> **Problem description**
Somewhere below are a line with "a <= e * b -> d / a <= C -> d / b <= e * C." and a later line with "replace (d /". Output exactly those lines and all lines between them.

BEGIN Extracted entries

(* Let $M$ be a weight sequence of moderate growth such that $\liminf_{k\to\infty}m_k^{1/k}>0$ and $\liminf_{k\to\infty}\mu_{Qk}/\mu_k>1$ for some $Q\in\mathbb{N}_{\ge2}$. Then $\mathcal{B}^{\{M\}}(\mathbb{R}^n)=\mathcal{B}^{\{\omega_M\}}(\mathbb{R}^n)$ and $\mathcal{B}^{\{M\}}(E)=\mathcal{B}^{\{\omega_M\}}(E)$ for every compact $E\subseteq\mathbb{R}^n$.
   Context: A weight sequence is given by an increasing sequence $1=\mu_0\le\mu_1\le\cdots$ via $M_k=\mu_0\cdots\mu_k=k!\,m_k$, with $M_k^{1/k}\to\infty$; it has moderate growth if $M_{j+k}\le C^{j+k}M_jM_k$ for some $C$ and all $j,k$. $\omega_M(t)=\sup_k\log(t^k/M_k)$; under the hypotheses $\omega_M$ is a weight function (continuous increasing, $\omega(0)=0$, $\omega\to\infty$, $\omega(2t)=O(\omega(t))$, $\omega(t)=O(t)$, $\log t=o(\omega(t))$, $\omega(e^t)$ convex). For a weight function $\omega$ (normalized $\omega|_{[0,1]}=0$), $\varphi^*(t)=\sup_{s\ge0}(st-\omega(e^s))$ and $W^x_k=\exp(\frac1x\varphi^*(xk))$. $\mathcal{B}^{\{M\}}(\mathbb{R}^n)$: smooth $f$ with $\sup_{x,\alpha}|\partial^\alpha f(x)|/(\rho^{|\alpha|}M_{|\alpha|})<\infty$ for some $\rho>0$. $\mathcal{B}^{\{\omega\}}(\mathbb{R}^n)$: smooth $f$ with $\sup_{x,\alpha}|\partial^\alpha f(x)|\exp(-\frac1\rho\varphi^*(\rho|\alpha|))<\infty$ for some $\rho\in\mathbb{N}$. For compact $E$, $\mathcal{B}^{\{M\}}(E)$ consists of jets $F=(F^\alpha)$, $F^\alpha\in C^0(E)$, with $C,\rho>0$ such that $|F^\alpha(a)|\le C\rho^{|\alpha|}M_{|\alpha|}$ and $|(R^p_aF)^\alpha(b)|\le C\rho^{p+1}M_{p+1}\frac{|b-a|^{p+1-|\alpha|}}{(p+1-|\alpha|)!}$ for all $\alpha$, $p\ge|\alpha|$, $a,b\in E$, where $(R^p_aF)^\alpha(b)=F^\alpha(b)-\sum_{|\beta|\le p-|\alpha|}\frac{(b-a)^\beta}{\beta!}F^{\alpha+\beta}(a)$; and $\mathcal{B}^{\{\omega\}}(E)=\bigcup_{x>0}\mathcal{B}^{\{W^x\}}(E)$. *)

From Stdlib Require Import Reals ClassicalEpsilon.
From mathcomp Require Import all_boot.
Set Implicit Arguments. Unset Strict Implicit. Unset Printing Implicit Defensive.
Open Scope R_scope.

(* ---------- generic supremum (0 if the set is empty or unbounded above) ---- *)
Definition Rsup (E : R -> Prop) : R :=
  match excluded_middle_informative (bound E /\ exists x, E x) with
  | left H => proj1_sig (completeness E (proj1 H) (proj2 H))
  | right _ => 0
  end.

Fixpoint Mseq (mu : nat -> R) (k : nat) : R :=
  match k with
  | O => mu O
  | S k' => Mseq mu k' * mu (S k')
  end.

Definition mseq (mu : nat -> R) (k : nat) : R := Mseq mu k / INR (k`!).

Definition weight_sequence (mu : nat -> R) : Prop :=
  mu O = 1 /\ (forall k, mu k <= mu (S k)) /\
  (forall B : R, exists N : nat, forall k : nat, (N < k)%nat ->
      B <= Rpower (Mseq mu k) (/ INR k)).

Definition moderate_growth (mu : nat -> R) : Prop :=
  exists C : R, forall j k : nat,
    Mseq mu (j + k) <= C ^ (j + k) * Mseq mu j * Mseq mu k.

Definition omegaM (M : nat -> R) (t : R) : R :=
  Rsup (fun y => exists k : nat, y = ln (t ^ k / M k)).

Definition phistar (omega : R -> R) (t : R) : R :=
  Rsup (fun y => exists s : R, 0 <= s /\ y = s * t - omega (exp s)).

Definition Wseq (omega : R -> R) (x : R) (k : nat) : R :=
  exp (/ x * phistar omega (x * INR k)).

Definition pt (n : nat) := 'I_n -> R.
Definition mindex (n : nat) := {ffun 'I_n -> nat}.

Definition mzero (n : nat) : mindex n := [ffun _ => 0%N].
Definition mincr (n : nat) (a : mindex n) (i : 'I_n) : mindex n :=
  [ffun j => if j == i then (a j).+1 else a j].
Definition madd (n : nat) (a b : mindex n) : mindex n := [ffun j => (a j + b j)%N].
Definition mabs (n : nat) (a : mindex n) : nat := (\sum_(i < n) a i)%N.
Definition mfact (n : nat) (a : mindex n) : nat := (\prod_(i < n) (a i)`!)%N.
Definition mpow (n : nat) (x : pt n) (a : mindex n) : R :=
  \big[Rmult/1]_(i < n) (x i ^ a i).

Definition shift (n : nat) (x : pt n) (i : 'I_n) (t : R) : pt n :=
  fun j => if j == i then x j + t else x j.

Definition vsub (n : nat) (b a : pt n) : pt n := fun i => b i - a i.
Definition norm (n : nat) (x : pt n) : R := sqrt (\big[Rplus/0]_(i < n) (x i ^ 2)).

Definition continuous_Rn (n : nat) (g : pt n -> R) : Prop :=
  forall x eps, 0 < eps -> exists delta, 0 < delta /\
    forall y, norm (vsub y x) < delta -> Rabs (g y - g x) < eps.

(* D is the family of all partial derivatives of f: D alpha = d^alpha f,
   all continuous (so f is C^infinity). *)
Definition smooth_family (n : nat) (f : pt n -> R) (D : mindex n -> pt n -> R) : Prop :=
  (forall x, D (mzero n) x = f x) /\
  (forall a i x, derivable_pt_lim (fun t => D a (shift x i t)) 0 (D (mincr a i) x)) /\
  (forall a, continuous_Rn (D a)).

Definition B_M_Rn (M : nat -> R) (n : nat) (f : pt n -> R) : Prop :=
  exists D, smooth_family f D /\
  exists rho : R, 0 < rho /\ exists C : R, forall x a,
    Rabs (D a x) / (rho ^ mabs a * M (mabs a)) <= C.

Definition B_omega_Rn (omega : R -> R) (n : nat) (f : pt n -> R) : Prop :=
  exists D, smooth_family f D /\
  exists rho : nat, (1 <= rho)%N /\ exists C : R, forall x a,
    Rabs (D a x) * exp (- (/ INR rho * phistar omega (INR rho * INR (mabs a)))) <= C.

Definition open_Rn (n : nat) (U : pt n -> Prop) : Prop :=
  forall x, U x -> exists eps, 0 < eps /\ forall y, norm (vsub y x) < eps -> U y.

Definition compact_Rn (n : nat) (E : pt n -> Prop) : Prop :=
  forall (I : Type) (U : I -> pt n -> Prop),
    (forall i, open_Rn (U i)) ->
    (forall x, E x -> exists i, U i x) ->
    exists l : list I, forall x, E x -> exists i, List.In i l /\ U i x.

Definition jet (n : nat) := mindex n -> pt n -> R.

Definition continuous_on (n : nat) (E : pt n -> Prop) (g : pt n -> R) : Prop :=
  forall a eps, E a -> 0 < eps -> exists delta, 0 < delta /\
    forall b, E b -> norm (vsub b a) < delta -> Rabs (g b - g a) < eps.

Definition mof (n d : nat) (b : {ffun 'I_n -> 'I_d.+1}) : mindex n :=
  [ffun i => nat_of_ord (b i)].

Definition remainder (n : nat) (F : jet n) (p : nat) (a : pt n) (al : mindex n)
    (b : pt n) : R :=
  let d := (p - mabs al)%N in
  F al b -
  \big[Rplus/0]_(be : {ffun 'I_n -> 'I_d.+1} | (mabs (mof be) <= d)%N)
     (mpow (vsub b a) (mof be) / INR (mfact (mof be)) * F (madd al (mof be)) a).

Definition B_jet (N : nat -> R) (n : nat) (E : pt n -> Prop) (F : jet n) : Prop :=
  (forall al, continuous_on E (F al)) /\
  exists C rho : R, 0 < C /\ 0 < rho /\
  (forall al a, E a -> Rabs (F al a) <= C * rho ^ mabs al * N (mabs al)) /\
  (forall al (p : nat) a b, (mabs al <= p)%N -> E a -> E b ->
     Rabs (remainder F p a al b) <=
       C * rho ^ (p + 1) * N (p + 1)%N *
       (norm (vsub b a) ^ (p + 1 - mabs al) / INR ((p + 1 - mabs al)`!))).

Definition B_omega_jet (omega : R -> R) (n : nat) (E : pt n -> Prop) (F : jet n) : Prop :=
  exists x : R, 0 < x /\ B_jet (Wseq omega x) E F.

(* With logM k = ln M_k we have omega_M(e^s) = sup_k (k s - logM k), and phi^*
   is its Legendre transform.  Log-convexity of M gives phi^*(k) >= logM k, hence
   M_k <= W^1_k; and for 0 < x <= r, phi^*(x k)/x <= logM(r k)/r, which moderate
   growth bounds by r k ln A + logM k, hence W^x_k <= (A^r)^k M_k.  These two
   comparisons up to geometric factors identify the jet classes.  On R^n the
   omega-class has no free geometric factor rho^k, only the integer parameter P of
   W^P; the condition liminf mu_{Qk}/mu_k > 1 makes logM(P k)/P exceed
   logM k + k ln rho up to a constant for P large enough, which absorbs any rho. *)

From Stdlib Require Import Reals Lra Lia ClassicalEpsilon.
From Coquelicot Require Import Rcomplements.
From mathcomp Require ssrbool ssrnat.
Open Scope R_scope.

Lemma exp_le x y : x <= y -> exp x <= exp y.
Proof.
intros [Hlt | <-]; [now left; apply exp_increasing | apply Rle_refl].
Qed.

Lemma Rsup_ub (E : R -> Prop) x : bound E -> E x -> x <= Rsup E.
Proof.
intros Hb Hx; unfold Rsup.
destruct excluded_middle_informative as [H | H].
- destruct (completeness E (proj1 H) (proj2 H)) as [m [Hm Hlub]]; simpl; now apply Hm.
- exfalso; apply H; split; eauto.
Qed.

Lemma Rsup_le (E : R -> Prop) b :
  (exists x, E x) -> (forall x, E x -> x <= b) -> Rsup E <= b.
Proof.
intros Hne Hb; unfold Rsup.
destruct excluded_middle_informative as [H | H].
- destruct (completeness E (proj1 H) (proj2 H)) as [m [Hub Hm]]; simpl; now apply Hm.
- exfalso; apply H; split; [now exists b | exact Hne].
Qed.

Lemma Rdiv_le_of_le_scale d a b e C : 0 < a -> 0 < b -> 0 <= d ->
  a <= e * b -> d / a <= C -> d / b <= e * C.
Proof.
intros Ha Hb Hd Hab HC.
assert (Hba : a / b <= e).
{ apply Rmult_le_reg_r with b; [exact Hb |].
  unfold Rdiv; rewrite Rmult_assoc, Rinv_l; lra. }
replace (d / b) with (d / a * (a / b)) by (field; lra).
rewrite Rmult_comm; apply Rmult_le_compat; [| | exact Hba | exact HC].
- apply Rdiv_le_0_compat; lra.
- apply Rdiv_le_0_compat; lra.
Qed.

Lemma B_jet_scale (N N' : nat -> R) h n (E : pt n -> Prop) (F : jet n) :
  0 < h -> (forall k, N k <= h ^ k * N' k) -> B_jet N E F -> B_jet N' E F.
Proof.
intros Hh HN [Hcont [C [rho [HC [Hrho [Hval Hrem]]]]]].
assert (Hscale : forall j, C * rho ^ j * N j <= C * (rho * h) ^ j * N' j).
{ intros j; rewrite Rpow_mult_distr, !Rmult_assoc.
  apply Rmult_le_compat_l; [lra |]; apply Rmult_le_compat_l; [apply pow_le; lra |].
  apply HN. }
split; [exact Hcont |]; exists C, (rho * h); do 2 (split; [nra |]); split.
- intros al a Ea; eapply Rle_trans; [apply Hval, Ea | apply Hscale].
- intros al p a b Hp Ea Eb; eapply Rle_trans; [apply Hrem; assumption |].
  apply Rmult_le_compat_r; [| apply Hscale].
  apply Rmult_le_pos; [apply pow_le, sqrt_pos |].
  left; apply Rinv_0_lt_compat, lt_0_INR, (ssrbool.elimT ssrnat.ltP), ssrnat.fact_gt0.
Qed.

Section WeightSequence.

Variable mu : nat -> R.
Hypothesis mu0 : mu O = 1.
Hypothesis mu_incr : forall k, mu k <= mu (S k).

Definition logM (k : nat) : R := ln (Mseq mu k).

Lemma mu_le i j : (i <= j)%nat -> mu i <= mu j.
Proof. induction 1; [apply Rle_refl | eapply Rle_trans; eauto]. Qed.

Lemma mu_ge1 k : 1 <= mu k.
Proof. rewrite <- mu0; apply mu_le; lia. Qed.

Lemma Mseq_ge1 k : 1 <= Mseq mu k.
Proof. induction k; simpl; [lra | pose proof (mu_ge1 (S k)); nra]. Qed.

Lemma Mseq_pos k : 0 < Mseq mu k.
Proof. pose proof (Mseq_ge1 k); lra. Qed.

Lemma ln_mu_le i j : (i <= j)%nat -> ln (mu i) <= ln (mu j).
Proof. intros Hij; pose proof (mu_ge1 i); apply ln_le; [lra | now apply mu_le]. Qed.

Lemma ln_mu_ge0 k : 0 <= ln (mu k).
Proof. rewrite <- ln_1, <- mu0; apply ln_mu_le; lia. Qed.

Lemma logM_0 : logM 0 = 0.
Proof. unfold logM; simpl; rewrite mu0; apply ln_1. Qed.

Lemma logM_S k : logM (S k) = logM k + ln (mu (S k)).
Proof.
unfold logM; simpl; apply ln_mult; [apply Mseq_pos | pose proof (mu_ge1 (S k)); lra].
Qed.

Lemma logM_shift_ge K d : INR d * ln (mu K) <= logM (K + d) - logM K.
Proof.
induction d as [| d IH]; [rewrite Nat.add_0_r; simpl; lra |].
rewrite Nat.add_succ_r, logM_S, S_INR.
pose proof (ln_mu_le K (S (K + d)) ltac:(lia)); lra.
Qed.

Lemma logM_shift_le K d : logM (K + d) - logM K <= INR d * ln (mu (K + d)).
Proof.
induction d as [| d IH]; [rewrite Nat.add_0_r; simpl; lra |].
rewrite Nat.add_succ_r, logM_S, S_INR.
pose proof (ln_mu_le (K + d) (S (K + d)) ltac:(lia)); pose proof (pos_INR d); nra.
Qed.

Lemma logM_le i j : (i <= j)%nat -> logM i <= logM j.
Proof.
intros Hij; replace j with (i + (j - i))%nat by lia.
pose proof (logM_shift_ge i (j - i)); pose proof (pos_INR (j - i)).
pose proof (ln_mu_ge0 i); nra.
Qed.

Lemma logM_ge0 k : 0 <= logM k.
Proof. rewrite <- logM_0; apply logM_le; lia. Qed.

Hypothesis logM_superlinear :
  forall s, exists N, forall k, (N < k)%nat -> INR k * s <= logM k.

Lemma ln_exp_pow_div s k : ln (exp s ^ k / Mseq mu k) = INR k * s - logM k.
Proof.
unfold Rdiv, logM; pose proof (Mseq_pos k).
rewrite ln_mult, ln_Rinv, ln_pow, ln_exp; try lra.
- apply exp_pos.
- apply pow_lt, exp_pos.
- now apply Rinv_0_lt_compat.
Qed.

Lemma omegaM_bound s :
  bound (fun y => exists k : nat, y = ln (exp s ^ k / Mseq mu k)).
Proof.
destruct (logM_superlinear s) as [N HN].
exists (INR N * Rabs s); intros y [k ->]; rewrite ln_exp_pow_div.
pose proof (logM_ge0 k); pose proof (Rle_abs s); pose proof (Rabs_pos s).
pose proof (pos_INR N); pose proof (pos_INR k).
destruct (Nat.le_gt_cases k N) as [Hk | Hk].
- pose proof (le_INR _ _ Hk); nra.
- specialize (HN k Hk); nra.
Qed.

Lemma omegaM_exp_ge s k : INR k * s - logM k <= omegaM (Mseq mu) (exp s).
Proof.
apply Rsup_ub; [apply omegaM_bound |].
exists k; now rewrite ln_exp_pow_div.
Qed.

END Extracted entries

> **Your response**
  a <= e * b -> d / a <= C -> d / b <= e * C.
Proof.
intros Ha Hb Hd Hab HC.
assert (Hba : a / b <= e).
{ apply Rmult_le_reg_r with b; [exact Hb |].
  unfold Rdiv; rewrite Rmult_assoc, Rinv_l; lra. }
replace (d / b) with (d / a * (a / b)) by (field; lra).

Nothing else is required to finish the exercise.